With the passage of a couple more weeks and a bit more new snow since the last acute avalanche cycle the near surface slab in the snowpack (where it still remained) had consolidated some and avalanche activity became more sporadic, though still severe. Most of the ski areas in the region continued to use explosives and had mixed results and some terrain was opened which allowed for some reasonably good skiing. A few days after control work and the opening one large piece of terrain on Mt. Hamilton, Craigieburn ski area had a very large natural avalanche there, fortunately missing any skiers. It was a puzzling event and left everyone in the area struggling for any understanding. As with this slide and several others, which ran around this time, reports were made of a large crack and boom type sound when the slopes failed at the start of the slide. Slides had started breaking below the rain crust more than not and the sound was the crust breaking and reverberating across the mountainside. The crust seemed to have made it harder for slides to be triggered but when triggered the crust help link together larger pieces of terrain than normal causing some exceptional events.

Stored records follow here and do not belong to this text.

Lemma cyl_index_locally_constant n y : (0 < n)%N -> exists2 e : R, 0 < e &
  forall y', ball y e y' -> cyl_index n y' = cyl_index n y.
Proof.
move=> n0; pose others := \bigcup_(t in `I_(period n) `\ cyl_index n y) cyl n t.
have : closed others.
  by apply: closed_bigcup => [|t _]; [exact/finite_setD/finite_II|exact: closed_closure].
have y_others : (~` others) y.
  by move=> [t [tp nt] /(cyl_indexE n0) ty]; apply: nt; rewrite /= ty modn_small.
rewrite -openC openE => /(_ y y_others) /nbhs_ballP [e /= e0 y_e_others].
exists e => // y' yy'; apply: contrapT => ne; apply: (y_e_others _ yy').
by have [y'p y'y'] := cyl_indexP y' n0; exists (cyl_index n y').
Qed.

Lemma cyl_mul n N t z : cyl (n * N) t z -> cyl n t z.
Proof.
by apply: closureS => _ [i _ <-]; exists (i * N)%N => //; rewrite mulnAC mulnA.
Qed.

Lemma period_dvd_mul n N : (0 < n)%N -> (0 < N)%N -> (period n %| period (n * N))%N.
Proof.
move=> n0 N0; have nN0 : (0 < n * N)%N by rewrite muln_gt0 n0.
by have [_ /cyl_mul px0 _] := periodP nN0; exact: period_dvd.
Qed.

Lemma cyl_index_mul n N y : (0 < n)%N -> (0 < N)%N ->
  (cyl_index (n * N) y %% period n)%N = cyl_index n y.
Proof.
move=> n0 N0; have nN0 : (0 < n * N)%N by rewrite muln_gt0 n0.
by have [_ /cyl_mul yy] := cyl_indexP y nN0; rewrite (cyl_indexE n0 yy).
Qed.

Lemma period1 : period 1 = 1%N.
Proof. by apply/eqP; rewrite -dvdn1; exact: period_dvd (cyl_nx0 _). Qed.

Lemma cyl_index_ball n (e : R) y z : (0 < n)%N -> 0 < e ->
  (forall i a, ball (o a) e (o (a + i * n)%N)) ->
  cyl_index n y = cyl_index n z -> ball y (e + e + e + e) z.
Proof.
move=> n0 e0 ret yz; have [_ yy] := cyl_indexP y n0; have [_ zz] := cyl_indexP z n0.
rewrite yz in yy; set t := cyl_index n z in yy zz.
have [_ [[i _ <-] yi]] := (iffLR (closure_ballP _ _) yy) _ e0.
have [_ [[j _ <-] zj]] := (iffLR (closure_ballP _ _) zz) _ e0.
have yt := ball_triangle yi (ball_sym (ret i t)).
exact: ball_triangle (ball_triangle yt (ret j t)) (ball_sym zj).
Qed.

Section Strides.
Variable N : nat -> nat.
Hypothesis N_gt0 : forall j, (0 < N j)%N.
Hypothesis N_return : forall j i a, ball (o a) (invS R j) (o (a + i * N j)%N).

Definition stride j : nat := \prod_(i < j) N i.

Lemma stride_gt0 j : (0 < stride j)%N.
Proof. by rewrite prodn_gt0. Qed.

Lemma strideS j : stride j.+1 = (stride j * N j)%N.
Proof. by rewrite /stride big_ord_recr. Qed.

Lemma stride_coding :
  odometer_coding T (fun j => period (stride j)) (fun j => cyl_index (stride j)).
Proof.
split=> [|j|j x|j x|j|j x|j x|x e e0].
- by rewrite /stride big_ord0 period1.
- by have [] := periodP (stride_gt0 j).
- by have [] := cyl_indexP x (stride_gt0 j).
- exact: cyl_index_T (stride_gt0 j).
- by rewrite strideS period_dvd_mul ?stride_gt0.
- by rewrite strideS cyl_index_mul ?stride_gt0.
- exact: cyl_index_locally_constant (stride_gt0 j).
have [j je] : exists j, invS R j < e / 4 by apply: invS_small; rewrite divr_gt0.
have ret i a : ball (o a) (invS R j) (o (a + i * stride j.+1)%N).
  by rewrite strideS mulnA.
exists j.+1 => y xy.
apply: le_ball (cyl_index_ball (stride_gt0 j.+1) (invS_gt0 R j) ret (esym xy)).
by have := invS_gt0 R j; lra.
Qed.

End Strides.

Lemma odometer_coding_exists : exists m c, odometer_coding T m c.
Proof.
have /choice [N NP] j : exists N, (0 < N)%N /\
    forall i a, ball (o a) (invS R j) (o (a + i * N)%N).
  by have [N N0 ret] := uniform_return (invS_gt0 R j); exists N.
exists (fun j => period (stride N j)), (fun j => cyl_index (stride N j)).
by apply: stride_coding => j; have [] := NP j.
Qed.

End Cylinders.

Section CodingMetric.
Variables (R : realType) (X : pseudoMetricType R) (T : X -> X).
Variables (m : nat -> nat) (c : nat -> X -> nat).
Hypothesis hX : hausdorff_space X.
Hypothesis cod : odometer_coding T m c.

Definition agree_level (x y : X) : nat :=
  match pselect (exists j, c j.+1 x != c j.+1 y) with
  | left ex_j => ex_minn ex_j
  | right _ => 0%N
  end.

Lemma agree_levelxx x : agree_level x x = 0%N.
Proof.
rewrite /agree_level; case: pselect => // ex_j; exfalso.
by case: ex_j => j; rewrite eqxx.
Qed.

Lemma agree_levelP x y : x <> y ->
  (forall i, (i <= agree_level x y)%N -> c i x = c i y) /\
  c (agree_level x y).+1 x != c (agree_level x y).+1 y.
Proof.
move=> nxy; rewrite /agree_level; case: pselect => [ex_j|nj]; last first.
  case: nxy; apply: (coding_inj cod) => // -[|j]; first by rewrite !(coding0 cod).
  by apply/eqP/negPn/negP => ne; apply: nj; exists j.
case: ex_minnP => k ne kmin; split=> // -[|i] ik; first by rewrite !(coding0 cod).
by apply/eqP/negPn/negP => /kmin; rewrite leqNgt ik.
Qed.

Lemma agree_level_le x y i : x <> y -> c i x = c i y <-> (i <= agree_level x y)%N.
Proof.
move=> nxy; have [agree differ] := agree_levelP nxy; split=> [cxy|]; last exact: agree.
rewrite leqNgt; apply/negP => lt_i; move/eqP: differ; apply.
exact: (coding_eq_le cod lt_i cxy).
Qed.

Lemma agree_level_eq x y k : x <> y -> c k x = c k y -> c k.+1 x != c k.+1 y ->
  agree_level x y = k.
Proof.
move=> nxy cxy ne; apply/eqP; rewrite eqn_leq (iffLR (agree_level_le _ nxy) cxy) andbT.
by rewrite leqNgt; apply: contra ne => lt_k; apply/eqP/(agree_level_le _ nxy).
Qed.

Lemma agree_levelC x y : agree_level x y = agree_level y x.
Proof.
have [->//|nxy] := pselect (x = y); have nyx : y <> x by move/esym.
have [agree differ] := agree_levelP nyx.
by apply: agree_level_eq => //; [exact/esym/agree|rewrite eq_sym].
Qed.

Lemma coding_T_eq j x y : c j (T x) = c j (T y) <-> c j x = c j y.
Proof.
rewrite !(coding_T cod); split=> [|-> //].
move/eqP; rewrite -addn1 -[(c j y).+1]addn1 eqn_modDr.
by rewrite !modn_small ?(coding_lt cod) // => /eqP.
Qed.

Lemma agree_level_T x y : x <> y ->
  T x <> T y /\ agree_level (T x) (T y) = agree_level x y.
Proof.
move=> nxy; have [agree differ] := agree_levelP nxy.
have nTxy : T x <> T y.
  by move=> Txy; move/eqP: differ; apply; apply/coding_T_eq; rewrite Txy.
split=> //; apply: agree_level_eq => //; first exact/coding_T_eq/agree.
by apply: contra differ => /eqP /coding_T_eq ->.
Qed.

Definition ratio k : nat := m k.+1 %/ m k.
Definition digit k x : nat := c k.+1 x %/ m k.

Lemma ratioK k : (ratio k * m k)%N = m k.+1.
Proof. exact: divnK (coding_dvd cod k). Qed.

Lemma codingE k x : c k.+1 x = (digit k x * m k + c k x)%N.
Proof. by rewrite {1}(divn_eq (c k.+1 x) (m k)) (coding_mod cod). Qed.

Lemma digit_lt k x : (digit k x < ratio k)%N.
Proof. by rewrite ltn_divLR ?(coding_m_gt0 cod) // ratioK (coding_lt cod). Qed.

Lemma coding_T_nocarry k x : ((c k x).+1 < m k)%N ->
  c k (T x) = (c k x).+1 /\ digit k (T x) = digit k x.
Proof.
move=> nocarry; split; first by rewrite (coding_T cod) modn_small.
rewrite [digit k (T x)]/digit (coding_T cod) codingE -addnS modn_small; last first.
  by rewrite -ratioK; have := digit_lt k x; nia.
by rewrite divnMDl ?(coding_m_gt0 cod) // divn_small // addn0.
Qed.

Definition top_ind (r s s' : nat) : nat :=
  (((s == r.-1) || (s' == r.-1)) + (s + s' == r.*2 - 3))%N.

Lemma top_ind_le2 r s s' : (top_ind r s s' <= 2)%N.
Proof. by rewrite /top_ind; case: (_ || _); case: (_ == _). Qed.

Lemma top_indC r s s' : top_ind r s s' = top_ind r s' s.
Proof. by rewrite /top_ind orbC [(s + s')%N]addnC. Qed.

Lemma top_ind_carry r s : (3 <= r)%N -> (s < r.-1)%N ->
  top_ind r r.-1 s = (top_ind r 0 s.+1).+1.
Proof.
move=> r3 sr; rewrite /top_ind eqxx /= add0n.
have -> : (0 == r.-1) = false by apply/eqP; lia.
have -> : (s.+1 == r.*2 - 3)%N = false by apply/eqP; lia.
rewrite addn0 /=; have [->|ns] := eqVneq s r.-2.
  have -> : r.-2.+1 == r.-1 by apply/eqP; lia.
  by have -> : (r.-1 + r.-2 == r.*2 - 3)%N by apply/eqP; lia.
have -> : (s.+1 == r.-1) = false by apply/eqP; lia.
by have -> : (r.-1 + s == r.*2 - 3)%N = false by apply/eqP; lia.
Qed.

Definition to_carry k x : nat := ((m k).-1 - c k x)%N.

(* For x <> y agreeing up to level l and no further, odo_dist x y lies in
   [1/(l+1), 2/(l+1)).  The correction frac l decreases along T: to_carry l x
   drops by one unless level l carries, and when it does, the level-(l+1)
   digits (r - 1, s) of x and y become (0, s + 1), so that top_ind drops by one,
   which outweighs to_carry l (T x) / m l < 1.  The second summand of top_ind
   flags the pair {r - 1, r - 2}, which keeps the drop when s + 1 = r - 1, and
   r >= 3 prevents it from flagging (0, s + 1). *)
Definition frac k x y : R :=
  ((top_ind (ratio k) (digit k x) (digit k y))%:R + (to_carry k x)%:R / (m k)%:R) / 3.

Definition odo_dist x y : R :=
  if pselect (x = y) then 0
  else invS R (agree_level x y) * (1 + frac (agree_level x y) x y).

Lemma frac_ge0 k x y : 0 <= frac k x y.
Proof. by rewrite /frac divr_ge0 // addr_ge0 // divr_ge0. Qed.

Lemma frac_lt1 k x y : frac k x y < 1.
Proof.
have top2 : (top_ind (ratio k) (digit k x) (digit k y))%:R <= 2 :> R.
  by rewrite (ler_nat R _ 2) top_ind_le2.
have carry1 : (to_carry k x)%:R / (m k)%:R < 1 :> R.
  rewrite ltr_pdivrMr ?ltr0n ?(coding_m_gt0 cod) // mul1r ltr_nat /to_carry.
  by have := coding_m_gt0 cod k; lia.
rewrite /frac ltr_pdivrMr // mul1r; lra.
Qed.

Lemma odo_distE x y : x <> y ->
  odo_dist x y = invS R (agree_level x y) * (1 + frac (agree_level x y) x y).
Proof. by rewrite /odo_dist; case: pselect. Qed.

Lemma odo_distxx x : odo_dist x x = 0.
Proof. by rewrite /odo_dist; case: pselect. Qed.

Lemma odo_dist_bounds x y : x <> y ->
  invS R (agree_level x y) <= odo_dist x y < 2 * invS R (agree_level x y).
Proof.
move=> nxy; rewrite odo_distE //; set l := agree_level x y.
have := frac_ge0 l x y; have := frac_lt1 l x y; have := invS_gt0 R l.
set w := invS R l; set f := frac l x y => w0 f1 f0.
by apply/andP; split; nra.
Qed.

Lemma odo_dist_ge0 x y : 0 <= odo_dist x y.
Proof.
have [->|nxy] := pselect (x = y); first by rewrite odo_distxx.
by have /andP [+ _] := odo_dist_bounds nxy; apply/le_trans/ltW/invS_gt0.
Qed.

Lemma odo_dist_neq x y : 0 < odo_dist x y -> x <> y.
Proof. by move=> + exy; rewrite exy odo_distxx ltxx. Qed.

Lemma odo_dist_eq0 x y : odo_dist x y = 0 <-> x = y.
Proof.
split=> [xy0|->]; last exact: odo_distxx.
apply: contrapT => nxy; have /andP [+ _] := odo_dist_bounds nxy.
by rewrite xy0 leNgt invS_gt0.
Qed.

Lemma frac_congr k x y x' y' : c k x = c k x' -> c k.+1 x = c k.+1 x' ->
  c k.+1 y = c k.+1 y' -> frac k x y = frac k x' y'.
Proof. by move=> ck ckx cky; rewrite /frac /digit /to_carry ck ckx cky. Qed.

Lemma frac_sym k x y : c k x = c k y -> frac k x y = frac k y x.
Proof. by move=> ck; rewrite /frac top_indC /to_carry ck. Qed.

Lemma odo_distC x y : odo_dist x y = odo_dist y x.
Proof.
have [->//|nxy] := pselect (x = y); have nyx : y <> x by move/esym.
rewrite !odo_distE // agree_levelC; congr (_ * (1 + _)); apply: frac_sym.
by have [agree _] := agree_levelP nyx; exact/esym/agree.
Qed.

Lemma odo_dist_agree x y z : x <> y -> x <> z ->
  (agree_level x y < agree_level y z)%N -> odo_dist x z = odo_dist x y.
Proof.
move=> nxy nxz lt_yz; have [axy dxy] := agree_levelP nxy.
have nyz : y <> z by move=> eyz; move: lt_yz; rewrite eyz agree_levelxx.
have [ayz _] := agree_levelP nyz.
have ayz1 := ayz _ lt_yz; have ayz0 := ayz _ (ltnW lt_yz).
have lxz : agree_level x z = agree_level x y.
  by apply: agree_level_eq => //; [rewrite axy|rewrite -ayz1].
by rewrite !odo_distE // lxz; congr (_ * (1 + _)); apply: frac_congr.
Qed.

(* As for an ultrametric: if the levels of (x, y) and (y, z) differ, then
   odo_dist x z is one of the two distances; otherwise both are at least
   1/(l+1), while odo_dist x z < 2/(l+1). *)
Lemma odo_dist_triangle x y z : odo_dist x z <= odo_dist x y + odo_dist y z.
Proof.
have [->|nxy] := pselect (x = y); first by rewrite odo_distxx add0r.
have [->|nyz] := pselect (y = z); first by rewrite odo_distxx addr0.
have [->|nxz] := pselect (x = z).
  by rewrite odo_distxx addr_ge0 ?odo_dist_ge0.
have := odo_dist_ge0 x y; have := odo_dist_ge0 y z => yz0 xy0.
have [lt_xy|lt_yx|eq_l] := ltngtP (agree_level x y) (agree_level y z).
- by rewrite (odo_dist_agree nxy nxz lt_xy) lerDl.
- have nzy : z <> y by move/esym.
  have nzx : z <> x by move/esym.
  rewrite (agree_levelC y) (agree_levelC x) in lt_yx.
  by rewrite odo_distC (odo_dist_agree nzy nzx lt_yx) [odo_dist z y]odo_distC lerDr.
have le_xz : (agree_level x y <= agree_level x z)%N.
  apply/(agree_level_le _ nxz); have [axy _] := agree_levelP nxy.
  by have [ayz _] := agree_levelP nyz; rewrite axy // ayz ?eq_l.
have /andP [_ xz2] := odo_dist_bounds nxz; have /andP [xy1 _] := odo_dist_bounds nxy.
have /andP [yz1 _] := odo_dist_bounds nyz; have := invS_le R le_xz.
rewrite -eq_l in yz1; lra.
Qed.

Another couple weeks past and a mild spring storm affected the area with lots of rain and mild temperatures. Avalanches became widespread with a mix of point releases and slabs breaking at the ground in a sloppy mess. At Olympus we even had one slide break into previously skier compacted (surface snow) ski terrain, effectively removing moguls and leaving only dirt and rock behind. By the time it cooled off again winter was gone and so was the season.

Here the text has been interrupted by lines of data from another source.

(* Let $\mathbb{Z}_{(p_n)}$ be an odometer with scale $(p_n)$. Then $$\operatorname{Aut}^{(\infty)}(\mathbb{Z}_{(p_n)},+\mathbf{1})=\bigcup_{n=1}^{\infty}\operatorname{Aut}(\mathbb{Z}_{(p_n)},+p_n\mathbf{1}),$$ where the union is taken inside $\operatorname{Homeo}(\mathbb{Z}_{(p_n)})$. Moreover, the same equality holds with $(p_n)$ replaced by any scale $(s_n)$ equivalent to $(p_n)$, i.e. $\operatorname{Aut}^{(\infty)}(\mathbb{Z}_{(p_n)},+\mathbf{1})=\bigcup_{n}\operatorname{Aut}(\mathbb{Z}_{(p_n)},+s_n\mathbf{1})$.
   Context: A scale is a sequence $(p_n)$ of positive integers with $p_n\mid p_{n+1}$, not eventually constant. The odometer is $\mathbb{Z}_{(p_n)}=\{(x_n)\in\prod_n\mathbb{Z}/p_n\mathbb{Z}: x_{n+1}\equiv x_n\bmod p_n\}$; $\mathbf{1}=(1,1,\dots)$ and $+c\mathbf{1}$ denotes translation by $c\mathbf{1}$. Two scales $(p_n),(s_n)$ are equivalent if $\lim_n\nu_p(p_n)=\lim_n\nu_p(s_n)$ (in $\mathbb{N}\cup\{0,\infty\}$) for every prime $p$, $\nu_p$ being the $p$-adic valuation. $\operatorname{Aut}(X,T)$ is the group of homeomorphisms commuting with $T$ and $\operatorname{Aut}^{(\infty)}(X,T)=\bigcup_{n\ge1}\operatorname{Aut}(X,T^n)\subseteq\operatorname{Homeo}(X)$. *)

From mathcomp Require Import all_boot.
Set Implicit Arguments. Unset Strict Implicit. Unset Printing Implicit Defensive.

Definition is_scale (p : nat -> nat) : Prop :=
  (forall n, 0 < p n) /\ (forall n, p n %| p n.+1) /\
  ~ (exists N, forall n, N <= n -> p n = p N).

Lemma scale_dvd p : is_scale p -> forall n, p n %| p n.+1.
Proof. by case=> _ []. Qed.

(* Equivalence of scales: for every prime q, the (monotone) limits of
   nu_q(p n) and nu_q(s n) in N u {oo} coincide; since both sequences are
   nondecreasing, the limit is the supremum, so equality of limits says that
   exactly the same values k are eventually reached. *)
Definition scale_equiv (p s : nat -> nat) : Prop :=
  forall q, prime q -> forall k,
    (exists n, k <= logn q (p n)) <-> (exists n, k <= logn q (s n)).

(* The odometer Z_(p_n): compatible sequences x n in Z/p_n Z
   (represented by 0 <= x n < p n) with x (n+1) = x n mod p n. *)
Definition in_odo (p : nat -> nat) (x : nat -> nat) : Prop :=
  forall n, x n < p n /\ x n.+1 %% p n = x n.

Definition odo (p : nat -> nat) := {x : nat -> nat | in_odo p x}.

Definition coord p (x : odo p) (n : nat) : nat := proj1_sig x n.

Lemma add_in_odo p (Hp : forall n, p n %| p n.+1) (c : nat) (x : nat -> nat) :
  in_odo p x -> in_odo p (fun n => (x n + c) %% p n).
Proof.
move=> Hx n; have [lt e] := Hx n; split.
  by rewrite ltn_pmod // (leq_ltn_trans (leq0n _) lt).
by rewrite modn_dvdm // -modnDml e.
Qed.

Definition odo_add p (Hp : forall n, p n %| p n.+1) (c : nat) (x : odo p) : odo p :=
  exist _ (fun n => (coord x n + c) %% p n) (add_in_odo Hp c (proj2_sig x)).

(* Continuity for the (subspace of the) product topology of the discrete
   spaces Z/p_n Z: each output coordinate is locally determined by finitely
   many input coordinates. *)
Definition odo_continuous p (f : odo p -> odo p) : Prop :=
  forall (x : odo p) (n : nat), exists m, forall y : odo p,
    (forall k, k <= m -> coord y k = coord x k) -> coord (f y) n = coord (f x) n.

Definition odo_homeo p (f : odo p -> odo p) : Prop :=
  exists g : odo p -> odo p,
    cancel f g /\ cancel g f /\ odo_continuous f /\ odo_continuous g.

Definition odo_Aut p (T : odo p -> odo p) (f : odo p -> odo p) : Prop :=
  odo_homeo f /\ forall x, f (T x) = T (f x).

Definition odo_Aut_inf p (T : odo p -> odo p) (f : odo p -> odo p) : Prop :=
  exists n, 0 < n /\ odo_Aut (iter n T) f.

From mathcomp Require Import all_boot.
From Stdlib Require Import Classical FunctionalExtensionality ProofIrrelevance.

Set Implicit Arguments. Unset Strict Implicit. Unset Printing Implicit Defensive.

(* A continuous f commuting with +n1 commutes with +N1 as soon as N is
   reachable from multiples of n in every level Z/p_K, i.e. as soon as
   gcd(n, p_K) | N for all K: at level K pick c with n c = N mod p_K, so
   x + N1 and x + nc1 agree on the first K coordinates, and continuity
   transfers the commutation.  The divisors gcd(n, p_K) of n form a
   divisibility chain, hence stabilise at some g | p_K0; scale equivalence
   says that every prime power dividing some p_K divides some s_m, so g | s_m
   and f commutes with +s_m 1.  The converse holds because
   +s_m 1 = (+1)^(s_m). *)

Lemma scale_gt0 p : is_scale p -> forall n, 0 < p n.
Proof. by case. Qed.

Lemma dvdn_chain (p : nat -> nat) : (forall n, p n %| p n.+1) ->
  forall i j, i <= j -> p i %| p j.
Proof.
move=> Hd i j /subnK <-; elim: (j - i) => [|d IH]; first by rewrite add0n.
by rewrite addSn; apply: dvdn_trans IH (Hd _).
Qed.

Lemma bounded_has_max (u : nat -> nat) b :
  (forall k, u k <= b) -> exists K, forall k, u k <= u K.
Proof.
elim: b => [|b IH] ub.
  by exists 0 => k; rewrite (leq_trans (ub k)).
have [[K uK] | no_top] := classic (exists K, u K = b.+1).
  by exists K => k; rewrite uK ub.
apply: IH => k; have := ub k; rewrite leq_eqVlt => /orP [/eqP uk | //].
by case: no_top; exists k.
Qed.

Lemma eventually_all (P : nat -> nat -> Prop) (l : seq nat) :
  (forall q i j, i <= j -> P q i -> P q j) ->
  (forall q, q \in l -> exists m, P q m) ->
  exists m, forall q, q \in l -> P q m.
Proof.
move=> Pmono; elim: l => [|a l IH] Pl; first by exists 0.
have [m1 Pa] := Pl a (mem_head _ _).
have [m2 Pl'] : exists m, forall q, q \in l -> P q m.
  by apply: IH => q ql; apply: Pl; rewrite inE ql orbT.
exists (maxn m1 m2) => q; rewrite inE => /orP [/eqP -> | ql].
  by apply: Pmono Pa; rewrite leq_maxl.
by apply: Pmono (Pl' q ql); rewrite leq_maxr.
Qed.

Lemma eqmod_mul_gcd n m N :
  0 < n -> gcdn n m %| N -> exists c, n * c = N %[mod m].
Proof.
move=> n_gt0 /dvdnP [t ->]; case: (egcdnP m n_gt0) => km kn def_g _.
exists (km * t).
by rewrite mulnA (mulnC n) def_g mulnDl mulnAC -modnDml modnMl add0n mulnC.
Qed.

Section Odometer.

Variables (p : nat -> nat) (Hd : forall n, p n %| p n.+1).

Definition odo_commute (f : odo p -> odo p) (c : nat) : Prop :=
  forall x, f (odo_add Hd c x) = odo_add Hd c (f x).

Lemma odo_eq (x y : odo p) : (forall k, coord x k = coord y k) -> x = y.
Proof.
case: x y => [x hx] [y hy] /= exy.
have exy' : x = y by apply: functional_extensionality.
by subst y; rewrite (proof_irrelevance _ hx hy).
Qed.

Lemma odo_add0 x : odo_add Hd 0 x = x.
Proof.
apply: odo_eq => k; rewrite /coord /= addn0 modn_small //.
by case: (proj2_sig x k).
Qed.

Lemma odo_addA a b x : odo_add Hd a (odo_add Hd b x) = odo_add Hd (b + a) x.
Proof. by apply: odo_eq => k; rewrite /coord /= modnDml addnA. Qed.

Lemma iter_odo_add1 n x : iter n (odo_add Hd 1) x = odo_add Hd n x.
Proof.
elim: n => [|n IH]; first by rewrite odo_add0.
by rewrite iterS IH odo_addA addn1.
Qed.

Lemma odo_commuteM f n c : odo_commute f n -> odo_commute f (n * c).
Proof.
move=> fn; elim: c => [|c IH] x; first by rewrite muln0 !odo_add0.
by rewrite mulnS -odo_addA IH fn odo_addA.
Qed.

Lemma coord_odo_add_eqmod c c' x k K : k <= K -> c = c' %[mod p K] ->
  coord (odo_add Hd c x) k = coord (odo_add Hd c' x) k.
Proof.
move=> kK cc'; have dvd_k := dvdn_chain Hd kK.
by rewrite /coord /= -modnDmr -(modn_dvdm c dvd_k) cc' modn_dvdm // modnDmr.
Qed.

Lemma odo_commute_gcd f n N : 0 < n -> odo_continuous f -> odo_commute f n ->
  (forall K, gcdn n (p K) %| N) -> odo_commute f N.
Proof.
move=> n_gt0 f_cont fn gN x; apply: odo_eq => j.
have [M fM] := f_cont (odo_add Hd N x) j.
have [c ncN] := eqmod_mul_gcd n_gt0 (gN (maxn M j)).
rewrite -(fM (odo_add Hd (n * c) x)) => [|k kM].
  by rewrite odo_commuteM // (coord_odo_add_eqmod _ (leq_maxr M j) ncN).
by rewrite (coord_odo_add_eqmod _ (leq_trans kM (leq_maxl M j)) ncN).
Qed.

Lemma gcdn_chain_stable n :
  0 < n -> exists K0, forall K, gcdn n (p K) %| gcdn n (p K0).
Proof.
move=> n_gt0.
have [K0 maxK0] : exists K0, forall K, gcdn n (p K) <= gcdn n (p K0).
  by apply: (bounded_has_max (b := n)) => K; rewrite dvdn_leq ?dvdn_gcdl.
exists K0 => K; set L := maxn K K0.
have gcdn_mono i : i <= L -> gcdn n (p i) %| gcdn n (p L).
  move=> iL; rewrite dvdn_gcd dvdn_gcdl /=.
  exact: dvdn_trans (dvdn_gcdr _ _) (dvdn_chain Hd iL).
have -> : gcdn n (p K0) = gcdn n (p L).
  apply/eqP; rewrite eqn_leq maxK0 dvdn_leq ?gcdn_mono ?leq_maxr //.
  by rewrite gcdn_gt0 n_gt0.
by rewrite gcdn_mono ?leq_maxl.
Qed.

End Odometer.

Lemma scale_equiv_dvd p s d K : is_scale p -> is_scale s -> scale_equiv p s ->
  d %| p K -> exists m, d %| s m.
Proof.
move=> Hp Hs ps dK.
have d_gt0 : 0 < d := dvdn_gt0 (scale_gt0 Hp K) dK.
have [m dm] : exists m, forall q, q \in primes d -> logn q d <= logn q (s m).
  apply: eventually_all => [q i j ij dq | q].
    exact: leq_trans dq (dvdn_leq_log _ (scale_gt0 Hs j) (dvdn_chain (scale_dvd Hs) ij)).
  rewrite mem_primes => /andP [q_pr _]; apply/(ps q q_pr); exists K.
  exact: dvdn_leq_log (scale_gt0 Hp K) dK.
exists m; apply/(dvdn_partP _ d_gt0) => q qd.
have q_pr : prime q by move: qd; rewrite /= mem_primes => /andP [].
by rewrite p_part pfactor_dvdn ?scale_gt0 ?dm.
Qed.

Lemma odo_Aut_inf_scale p (Hp : is_scale p) s : is_scale s -> scale_equiv p s ->
  forall f, odo_Aut_inf (odo_add (scale_dvd Hp) 1) f <->
            exists n, odo_Aut (odo_add (scale_dvd Hp) (s n)) f.
Proof.
move=> Hs ps f; set Hd := scale_dvd Hp; split.
  move=> [n [n_gt0 [f_homeo f_iter]]].
  have fn : odo_commute Hd f n by move=> x; rewrite -!iter_odo_add1.
  have [K0 gK0] := gcdn_chain_stable Hd n_gt0.
  have [m gm] := scale_equiv_dvd Hp Hs ps (dvdn_gcdr n (p K0)).
  exists m; split => //.
  have [_ [_ [_ [f_cont _]]]] := f_homeo.
  by apply: (odo_commute_gcd n_gt0 f_cont fn) => K; apply: dvdn_trans (gK0 K) gm.
move=> [m [f_homeo fm]]; exists (s m); split; first exact: scale_gt0.
by split=> // x; rewrite !iter_odo_add1 fm.
Qed.

Theorem corollary3p3 (p : nat -> nat) (Hp : is_scale p) :
  (forall f : odo p -> odo p,
     odo_Aut_inf (odo_add (scale_dvd Hp) 1) f <->
     exists n, odo_Aut (odo_add (scale_dvd Hp) (p n)) f) /\
  (forall s : nat -> nat, is_scale s -> scale_equiv p s ->
   forall f : odo p -> odo p,
     odo_Aut_inf (odo_add (scale_dvd Hp) 1) f <->
     exists n, odo_Aut (odo_add (scale_dvd Hp) (s n)) f).
Proof.
split; last exact: odo_Aut_inf_scale.
by apply: odo_Aut_inf_scale => // q _ k.
Qed.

This year here in Utah lets hope it does pan out like NZ ‘07 but we have a similar recipe early. Currently we have a weak snowpack capped with a crust and a little snow on top. It’s too far into the season for all the snow to melt on the protected aspects to start over and the snow is too shallow to gain any strength. This isn’t the first time we have seen a set-up like this here in the Wasatch, in fact several seasons have been similar. Per-say, variable weather isn’t unusual here in the early season. It seems like even in dry years, though, we still get enough snow to work past early season troubles eventually, but who knows. Rain crusts are a trouble spot; they encourage facet/weak snow development and do so quite persistently due to their durability and resistance to metamorphose. Crusts add slab integrity, for better or worse and can also act as a profound sliding surface allowing avalanches to run quite far.

So what do we need now to fix our troubled snowpack? Lots of snow, but that’s a somewhat optimistic wish. In the short term there would be some profound instability with a few big storms but we do need to reverse the adverse temperature gradient currently at work in the snowpack and start the healing process. It’s likely that it will snow but it would be best if we get lots of snow quickly to stress test the snowpack, then have it keep snowing to bridge out the instability until eventually the weaknesses dissipates under more favorable conditions. Even under the best case scenario I think it is unlikely that we will have a deep stable snowpack before late January this season. This doesn’t necessarily mean we won’t have good surface snow quality for skiing before then though. I think it is actually fairly likely that we will still have very good skiing on lower angled slopes in the early and mid winter as long as it snows even a modest amount. Our Wasatch snowpack is setting up to be an exciting one, filled with ample opportunities for learning! Lets hope it’s a better winter this season here than it was in New Zealand in 2007. Pray for snow!